- Born: Boyrereau Brinch c. 1742 Middle Niger, West Africa
- Died: April 20, 1827 (aged 84–85) Georgia, Vermont, US
- Occupations: Enslaved sailor, soldier, farmer, author
- Spouse: Susannah Dublin (Susanna)
- Allegiance: Great Britain United States
- Branch: Royal Navy (1756-1763) Continental Army (1775–1781)
- Commands: Connecticut Line
- Conflicts: French and Indian War Siege of Havana; ; American Revolutionary War Battle of White Plains; Siege of Fort Mifflin (WIA); ;

= Jeffrey Brace =

Former slave and writer

Jeffrey Brace (born Boyrereau Brinch; c. 1742 – April 20, 1827) was a formerly enslaved person who was taken from West Africa around 1750 and a veteran of the American Revolutionary War. He became the first African-American citizen of Poultney, Vermont. Brace became blind in his later years. Benjamin Prentiss published his life story as The Blind African Slave or the Memoirs of Boyrereau Brinch Nicknamed Jeffrey Brace.

==Biography==
Brace was born in West Africa circa 1742 with the birth name Boyrereau Brinch. In his memoir, Brace describes growing up in the Christian kingdom of "Bow-Woo" before being kidnapped by slave traders at a young age and taken to the Caribbean. Scholars believe this region may correspond to present-day Mali, based on geographical and cultural details in his memoir.

Brinch described himself as the “third son and seventh child of an ancient and honorable family.” His father, Whryn Brinch, and mother, Whryn Douden, came from distinguished lineages. His paternal grandfather, Yarram Brinch, served as a councilor and governor in the country of "Bow-Woo", while his maternal grandfather, Crassee Youghgon, was the first judge of petty offenses and civil disputes in Voah Goah. Brinch’s siblings included Cresse, Deeyee, Yarram, Desang, Bang, Nabaugh, and Dolacella.

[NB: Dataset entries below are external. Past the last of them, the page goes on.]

(* For a unit [d] with [conj d = - d] only the Frobenius case is possible; then
   [red_conj_cases] for [x + d] forces the Frobenius case for [x] as well. *)
Lemma red_conj x : integral v x -> red (conj x) = red x ^+ p.
Proof.
have [d [d_neq0 vd conj_d]] := exists_anticonj_unit.
have id : integral v d by right; rewrite vd.
have rd_neq0 : red d != 0.
  by apply/eqP => /(red_ker S id) [/eqP|]; [rewrite (negPf d_neq0)|rewrite vd].
have rcd_neq_rd : red (conj d) != red d.
  rewrite conj_d redN // -subr_eq0 -opprD oppr_eq0 -mulr2n -mulr_natl mulf_eq0.
  by rewrite negb_or rd_neq0 (pchar_odd_two_neq0 (pchar_Fp2 p_pr cardF) p_odd).
have rcd : red (conj d) = red d ^+ p.
  by case: (red_conj_cases id) => // rcd; rewrite rcd eqxx in rcd_neq_rd.
move=> ix; case: (red_conj_cases ix) => // rcx.
have ixd : integral v (x + d) by apply: smallD.
have [icx icd] := (small_conj ix, small_conj id).
case: (red_conj_cases ixd); rewrite rmorphD !(red_add S) ?rcx ?rcd //.
  by move/addrI => rdp; rewrite rcd rdp eqxx in rcd_neq_rd.
by rewrite (frobeniusD p_pr cardF) => /addIr.
Qed.

Fixpoint newton_sqrt (d : K) (n : nat) : K :=
  if n is n'.+1 then (newton_sqrt d n' + d / newton_sqrt d n') / 2%:R else 1.

(* Quadratic convergence: with [u := (2 a)^-1] a unit, the step is
   [-(a^2 - d) u] and the new error is [(a^2 - d)^2 u^2]. *)
Lemma newton_step d a (N : nat) : principal a -> small v N.+1%:Z (a ^+ 2 - d) ->
  small v N.+1%:Z ((a + d / a) / 2%:R - a) /\
  small v N.+2%:Z (((a + d / a) / 2%:R) ^+ 2 - d).
Proof.
move=> pa err_a; have ia := principal_integral pa.
have ra : red a = 1 by apply/red_eq1.
have i2 := integral_nat 2.
have a_neq0 := principal_neq0 pa.
have two_neq0 : 2%:R != 0 :> K by apply: contraNneq red2_neq0 => ->; rewrite red0.
have i2a : integral v (2%:R * a) by apply: smallMr.
have r2a_neq0 : red (2%:R * a) != 0 by rewrite (red_mul S) // ra mulr1 red2_neq0.
have [iu _] := red_inv i2a r2a_neq0; set u := (2%:R * a)^-1 in iu.
have -> : (a + d / a) / 2%:R - a = - (a ^+ 2 - d) * u.
  by rewrite /u; field; rewrite a_neq0 two_neq0.
have -> : ((a + d / a) / 2%:R) ^+ 2 - d = (a ^+ 2 - d) * (a ^+ 2 - d) * (u * u).
  by rewrite /u; field; rewrite a_neq0 two_neq0.
split; first by apply: smallMr iu; apply: smallN.
by apply: smallMr (smallMr iu iu); apply: smallW (smallM err_a err_a) _; lia.
Qed.

Lemma newton_sqrt_approx d n : principal d ->
  [/\ principal (newton_sqrt d n), small v n.+1%:Z (newton_sqrt d n ^+ 2 - d)
    & small v n.+1%:Z (newton_sqrt d n.+1 - newton_sqrt d n)].
Proof.
move=> pd; elim: n => [|n [pa err_a step_a]].
  have pa : principal (newton_sqrt d 0) by rewrite subrr; left.
  have err_a : small v 1 (newton_sqrt d 0 ^+ 2 - d).
    by rewrite expr1n -opprB; apply: smallN.
  by have [] := newton_step pa err_a.
have [_ err_a'] := newton_step pa err_a.
have pa' : principal (newton_sqrt d n.+1).
  rewrite -(subrK (newton_sqrt d n) (newton_sqrt d n.+1)) -addrA.
  by apply: smallD pa; apply: smallW step_a _; lia.
by have [] := newton_step pa' err_a'.
Qed.

Lemma newton_sqrt_cauchy d : principal d -> forall N : int, exists M,
  forall m n, (M <= m)%N -> (M <= n)%N -> small v N (newton_sqrt d m - newton_sqrt d n).
Proof.
move=> pd N; exists `|N|%N.
suff near_n n k : (`|N| <= n)%N -> small v N (newton_sqrt d (n + k) - newton_sqrt d n).
  move=> m n Nm Nn; have [nm|/ltnW mn] := leqP n m.
    by rewrite -(subnKC nm); apply: near_n.
  by rewrite -opprB -(subnKC mn); apply/smallN/near_n.
move=> Nn; elim: k => [|k IHk]; first by rewrite addn0 subrr; left.
rewrite addnS -(subrK (newton_sqrt d (n + k)) (newton_sqrt d (n + k).+1)) -addrA.
have [_ _ step] := newton_sqrt_approx (n + k) pd.
by apply: smallD IHk; apply: smallW step _; lia.
Qed.

Lemma principal_sqrt d : principal d -> exists2 a, a ^+ 2 = d & principal a.
Proof.
move=> pd; have [l lim_l] := v_complete S (newton_sqrt_cauchy pd).
have near_l N : exists n, (`|N| <= n)%N /\
    small v (`|N| + 1)%N%:Z (newton_sqrt d n - l).
  have [M ge_M] := lim_l (`|N| + 1)%N%:Z.
  by exists (maxn M `|N|); split; [apply: leq_maxr|apply/ge_M/leq_maxl].
exists l.
  apply/eqP; rewrite -subr_eq0; apply/eqP/small_eq0 => N.
  have [n [Nn an_l]] := near_l N; set a := newton_sqrt d n in an_l *.
  have [pa err_a _] := newton_sqrt_approx n pd.
  have ial : integral v (a + l).
    have -> : a + l = 2%:R * a - (a - l) by ring.
    apply: smallB; first exact: smallMr (integral_nat 2) (principal_integral pa).
    by apply: smallW an_l _; lia.
  have -> : l ^+ 2 - d = (a ^+ 2 - d) - (a - l) * (a + l) by ring.
  apply: smallB; first by apply: smallW err_a _; lia.
  by apply: smallW (smallMr an_l ial) _; lia.
have [n [_ an_l]] := near_l 0; have [pa _ _] := newton_sqrt_approx n pd.
have -> : l - 1 = (newton_sqrt d n - 1) - (newton_sqrt d n - l) by ring.
by apply: smallB pa _; apply: smallW an_l _; lia.
Qed.

Lemma norm1_integral d : d * conj d = 1 -> integral v d.
Proof.
move=> dd; have d_neq0 : d != 0.
  by apply: contra_eq_neq dd => ->; rewrite mul0r eq_sym oner_neq0.
have cd_neq0 : conj d != 0 by rewrite fmorph_eq0.
have := v_mul S d_neq0 cd_neq0; rewrite dd v1 (v_conj S d_neq0) => vd.
by right; lia.
Qed.

Lemma red_det_U1 g : inG conj g -> red (\det g) != 0 /\ red (\det g) ^+ p.+1 = 1.
Proof.
move=> gG; have dd := inG_det_norm gG; have id := norm1_integral dd.
have : red (\det g) * red (\det g) ^+ p = 1.
  by rewrite -red_conj // -(red_mul S) ?dd ?(red_1 S) //; apply: small_conj.
rewrite -exprS => rd; split=> //; apply: contra_eq_neq rd => ->.
by rewrite expr0n eq_sym oner_neq0.
Qed.

Lemma inG_diag2_conj w : w != 0 -> inG conj (diag2 w (conj w)^-1).
Proof.
move=> w_neq0; apply: inG_diag2; first by rewrite mulfV ?fmorph_eq0.
by rewrite fmorphV (conj_invol S) mulVf.
Qed.

(* Hilbert 90: [a = b / b^p] for [b = 1 + a] if [a != -1], and [-1 = d / conj d]
   for [d] as in [exists_anticonj_unit]. *)
Lemma red_det_surj a : a != 0 -> a ^+ p.+1 = 1 ->
  exists g, inG conj g /\ red (\det g) = a.
Proof.
move=> a_neq0 a_U1; have [->|aN1] := eqVneq a (-1).
  have [d [d_neq0 vd conj_d]] := exists_anticonj_unit.
  exists (diag2 d (conj d)^-1); split; first exact: inG_diag2_conj.
  by rewrite det_diag2 conj_d invrN mulrN mulfV // redN ?(red_1 S) //; apply: integral1.
set b := 1 + a; have b_neq0 : b != 0 by rewrite /b addrC addr_eq0.
have [w [iw rw]] := red_surj S b.
have w_neq0 : w != 0 by apply: contra_eq_neq rw => ->; rewrite red0 eq_sym.
exists (diag2 w (conj w)^-1); split; first exact: inG_diag2_conj.
have rcw_neq0 : red (conj w) != 0 by rewrite red_conj // rw expf_neq0.
have [icwV rcwV] := red_inv (small_conj iw) rcw_neq0.
have b_frob : b = a * b ^+ p.
  by rewrite /b (frobeniusD p_pr cardF) expr1n mulrDr mulr1 -exprS a_U1 addrC.
rewrite det_diag2 (red_mul S) // rcwV red_conj // rw {1}b_frob mulfK //.
exact: expf_neq0.
Qed.

Lemma inG0_principal_det g : inG0 conj v g -> principal (\det g).
Proof.
elim=> {g} [g [[_ ->]|[c [[_ pc] ->]]]||g h _ pg _ ph|g _ pg].
- by rewrite subrr; left.
- by rewrite det_scalar expr2; apply: principalM.
- by rewrite det1 subrr; left.
- by rewrite det_mulmx; apply: principalM.
- by rewrite det_inv; apply: principalV.
Qed.

(* A square root [a] of [det g] in [1 + p Z_{p^2}] has norm [+-1], hence [1],
   so [g = a * (a^-1 g)] with [a^-1 g] in [G_S]. *)
Lemma red_det_inG0 g : inG conj g -> red (\det g) = 1 -> inG0 conj v g.
Proof.
move=> gG; have dd := inG_det_norm gG.
move/(red_eq1 (norm1_integral dd)) => pdet.
have [a a2 pa] := principal_sqrt pdet; have a_neq0 := principal_neq0 pa.
have aa : a * conj a = 1.
  apply: principal_sqr_eq1; first exact: principalM pa (principal_conj pa).
  by rewrite exprMn -rmorphXn a2.
have -> : g = a%:M *m (a^-1 *: g) by rewrite mul_scalar_mx scalerA mulfV // scale1r.
apply: gen_mul; apply: gen_base; first by right; exists a.
left; split; first by apply: inG_scale gG; rewrite fmorphV -invfM aa invr1.
by rewrite detZ exprVn a2 mulVf // -a2 expf_neq0.
Qed.

Lemma red_det_ker g : inG conj g -> red (\det g) = 1 <-> inG0 conj v g.
Proof.
move=> gG; split; first exact: red_det_inG0.
by move/inG0_principal_det => pdet; apply/(red_eq1 (principal_integral pdet)).
Qed.

End UnramifiedQuadratic.

Theorem lemma5p7 (p : nat) (K : fieldType) (conj : {rmorphism K -> K})
    (v : K -> int) (F : finFieldType) (red : K -> F) :
  prime p -> odd p -> #|F| = (p ^ 2)%N ->
  unram_quad_setup p conj v red ->
  let eta := fun g : 'M[K]_2 => red (\det g) in
  (* eta lands in U(1)(F_{p^2}/F_p) *)
  (forall g, inG conj g -> eta g != 0 /\ eta g ^+ p.+1 = 1) /\
  (* eta is surjective *)
  (forall a : F, a != 0 -> a ^+ p.+1 = 1 -> exists g, inG conj g /\ eta g = a) /\
  (* ker eta = G_0 *)
  (forall g, inG conj g -> (eta g = 1 <-> inG0 conj v g)).
Proof.
move=> p_pr p_odd cardF S eta.
split; first exact: red_det_U1 p_pr p_odd cardF S.
split; first exact: red_det_surj p_pr p_odd cardF S.
exact: red_det_ker p_pr p_odd cardF S.
Qed.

As an enslaved sailor, he served in the privateer ship of Captain Isaac Mills, his enslaver, during the French and Indian War. Afterward, he was brought to New England, where he was eventually bought by the Stiles family of Woodbury, Connecticut. Unlike previous enslavers, Mary Stiles taught him to read, and significantly shaped his early life in America. Upon her death around 1773, ownership of Brinch passed to her eldest son, Benjamin Stiles, Esq.

Jeffrey served under Return Meigs during the American Revolutionary War. He fought in battles such as White Plains, and Fort Mifflin. His military service earned him an Honorable Discharge with a Badge of Merit at West Point Military Academy in 1783. Despite some accounts suggesting he was freed by Benjamin Stiles, no definitive evidence of manumission exists; it is more likely that his service secured his liberty.

After the war, he obtained his freedom from the Stiles family and settled in Poultney, Vermont. In Vermont, he met and married a free African-born widow, Susannah Dublin, and had children with her. Jeffrey Brace died on January 31, 1827, in Georgia, Vermont. His descendants live in St. Albans, Vermont, and the surrounding areas.

==Legacy==
Brace gave an oral account of his life to an abolitionist publisher, Benjamin Prentiss, who transcribed and published it as The Blind African Slave or the Memoirs of Boyrereau Brinch Nicknamed Jeffrey Brace. The Blind African Slave is part of the slave narrative genre.

The faculty union at the University of Vermont now offers a $500 book award in his name "to students who exemplify academic excellence and an active commitment to achieving social and economic justice."

A historical marker honoring Brace was erected in 2008 in Poultney.